▸ **EXERCISE DETAILS**
Please go through the records below and return every line holding the word "right".

*** Opening of MATERIAL PROVIDED ***

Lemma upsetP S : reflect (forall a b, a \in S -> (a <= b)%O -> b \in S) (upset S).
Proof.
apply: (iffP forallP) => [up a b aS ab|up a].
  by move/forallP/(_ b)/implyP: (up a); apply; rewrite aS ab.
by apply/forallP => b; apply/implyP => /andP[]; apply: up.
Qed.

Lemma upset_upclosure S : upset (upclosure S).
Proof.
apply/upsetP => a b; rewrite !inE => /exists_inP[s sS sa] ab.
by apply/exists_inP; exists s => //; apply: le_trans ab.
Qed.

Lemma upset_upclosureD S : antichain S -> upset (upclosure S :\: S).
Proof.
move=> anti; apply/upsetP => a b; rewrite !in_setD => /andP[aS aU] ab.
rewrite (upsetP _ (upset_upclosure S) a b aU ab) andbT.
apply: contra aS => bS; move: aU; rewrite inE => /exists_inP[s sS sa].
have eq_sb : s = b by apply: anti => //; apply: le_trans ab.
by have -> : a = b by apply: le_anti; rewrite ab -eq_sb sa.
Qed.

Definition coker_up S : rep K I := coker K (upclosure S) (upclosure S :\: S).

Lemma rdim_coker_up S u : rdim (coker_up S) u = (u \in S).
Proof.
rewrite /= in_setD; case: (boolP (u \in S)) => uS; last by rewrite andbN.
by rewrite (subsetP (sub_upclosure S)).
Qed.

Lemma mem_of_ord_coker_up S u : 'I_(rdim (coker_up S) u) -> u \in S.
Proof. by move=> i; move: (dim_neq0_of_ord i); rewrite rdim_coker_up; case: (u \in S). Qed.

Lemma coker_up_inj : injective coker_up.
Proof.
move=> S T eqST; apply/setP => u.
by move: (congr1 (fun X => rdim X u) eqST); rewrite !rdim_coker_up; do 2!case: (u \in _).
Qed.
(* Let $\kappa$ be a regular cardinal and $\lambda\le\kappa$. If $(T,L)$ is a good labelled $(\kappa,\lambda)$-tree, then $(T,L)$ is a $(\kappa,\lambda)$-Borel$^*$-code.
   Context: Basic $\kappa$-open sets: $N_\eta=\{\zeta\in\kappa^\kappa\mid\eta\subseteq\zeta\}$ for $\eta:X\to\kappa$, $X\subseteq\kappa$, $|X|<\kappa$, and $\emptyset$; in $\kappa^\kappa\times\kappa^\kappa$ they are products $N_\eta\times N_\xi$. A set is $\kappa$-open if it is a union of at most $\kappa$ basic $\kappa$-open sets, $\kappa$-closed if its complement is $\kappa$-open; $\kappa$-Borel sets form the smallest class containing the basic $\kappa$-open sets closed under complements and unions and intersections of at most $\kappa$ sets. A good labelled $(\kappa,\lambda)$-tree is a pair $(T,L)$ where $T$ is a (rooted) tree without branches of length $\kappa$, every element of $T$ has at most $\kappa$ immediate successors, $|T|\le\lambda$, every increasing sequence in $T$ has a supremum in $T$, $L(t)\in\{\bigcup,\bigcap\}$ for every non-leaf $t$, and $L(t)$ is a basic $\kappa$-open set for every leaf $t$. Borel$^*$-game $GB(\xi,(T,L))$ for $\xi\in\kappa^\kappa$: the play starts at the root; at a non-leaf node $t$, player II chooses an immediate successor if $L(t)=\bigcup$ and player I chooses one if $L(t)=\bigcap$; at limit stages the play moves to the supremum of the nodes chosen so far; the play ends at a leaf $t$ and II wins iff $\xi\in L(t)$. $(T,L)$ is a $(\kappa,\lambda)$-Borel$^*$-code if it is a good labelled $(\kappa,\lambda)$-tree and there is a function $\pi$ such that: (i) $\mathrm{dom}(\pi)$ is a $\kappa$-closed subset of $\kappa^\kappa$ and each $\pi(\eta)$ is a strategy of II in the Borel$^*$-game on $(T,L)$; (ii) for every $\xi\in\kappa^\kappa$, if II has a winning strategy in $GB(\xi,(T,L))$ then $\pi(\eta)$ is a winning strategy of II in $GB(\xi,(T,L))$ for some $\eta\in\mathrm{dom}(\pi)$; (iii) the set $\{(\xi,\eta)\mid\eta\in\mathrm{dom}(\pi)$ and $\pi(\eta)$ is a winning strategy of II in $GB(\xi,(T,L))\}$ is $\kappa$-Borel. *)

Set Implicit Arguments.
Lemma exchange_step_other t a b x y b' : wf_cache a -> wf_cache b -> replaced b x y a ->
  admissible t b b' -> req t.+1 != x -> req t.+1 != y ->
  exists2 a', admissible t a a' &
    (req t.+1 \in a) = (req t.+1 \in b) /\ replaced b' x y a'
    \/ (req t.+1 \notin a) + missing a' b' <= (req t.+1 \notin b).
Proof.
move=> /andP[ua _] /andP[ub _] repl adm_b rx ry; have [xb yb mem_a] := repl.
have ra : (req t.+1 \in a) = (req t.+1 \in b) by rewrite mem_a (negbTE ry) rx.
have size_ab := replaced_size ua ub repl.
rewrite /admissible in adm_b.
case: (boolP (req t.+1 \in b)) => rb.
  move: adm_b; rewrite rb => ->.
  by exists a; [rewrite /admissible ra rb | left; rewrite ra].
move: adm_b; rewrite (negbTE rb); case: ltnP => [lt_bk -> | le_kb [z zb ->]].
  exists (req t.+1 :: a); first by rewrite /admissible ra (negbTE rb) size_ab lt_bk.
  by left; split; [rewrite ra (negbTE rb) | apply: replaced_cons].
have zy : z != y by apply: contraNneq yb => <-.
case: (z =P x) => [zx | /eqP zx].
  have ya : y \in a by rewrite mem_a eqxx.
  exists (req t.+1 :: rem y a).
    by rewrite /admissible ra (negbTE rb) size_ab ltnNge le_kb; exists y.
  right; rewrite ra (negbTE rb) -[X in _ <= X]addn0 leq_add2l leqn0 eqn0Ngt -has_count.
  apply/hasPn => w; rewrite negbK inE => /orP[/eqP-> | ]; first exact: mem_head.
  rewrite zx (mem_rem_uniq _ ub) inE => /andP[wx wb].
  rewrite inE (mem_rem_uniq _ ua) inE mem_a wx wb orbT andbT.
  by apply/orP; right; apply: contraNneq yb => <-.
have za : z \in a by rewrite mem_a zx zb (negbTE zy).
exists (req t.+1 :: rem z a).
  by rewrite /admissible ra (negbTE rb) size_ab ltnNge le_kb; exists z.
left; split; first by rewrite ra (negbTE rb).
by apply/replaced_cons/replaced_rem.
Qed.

*** Close of MATERIAL PROVIDED ***

▸ **RESULT FOR THIS TASK**
  right; rewrite ra (negbTE rb) -[X in _ <= X]addn0 leq_add2l leqn0 eqn0Ngt -has_count.
  by apply/orP; right; apply: contraNneq yb => <-.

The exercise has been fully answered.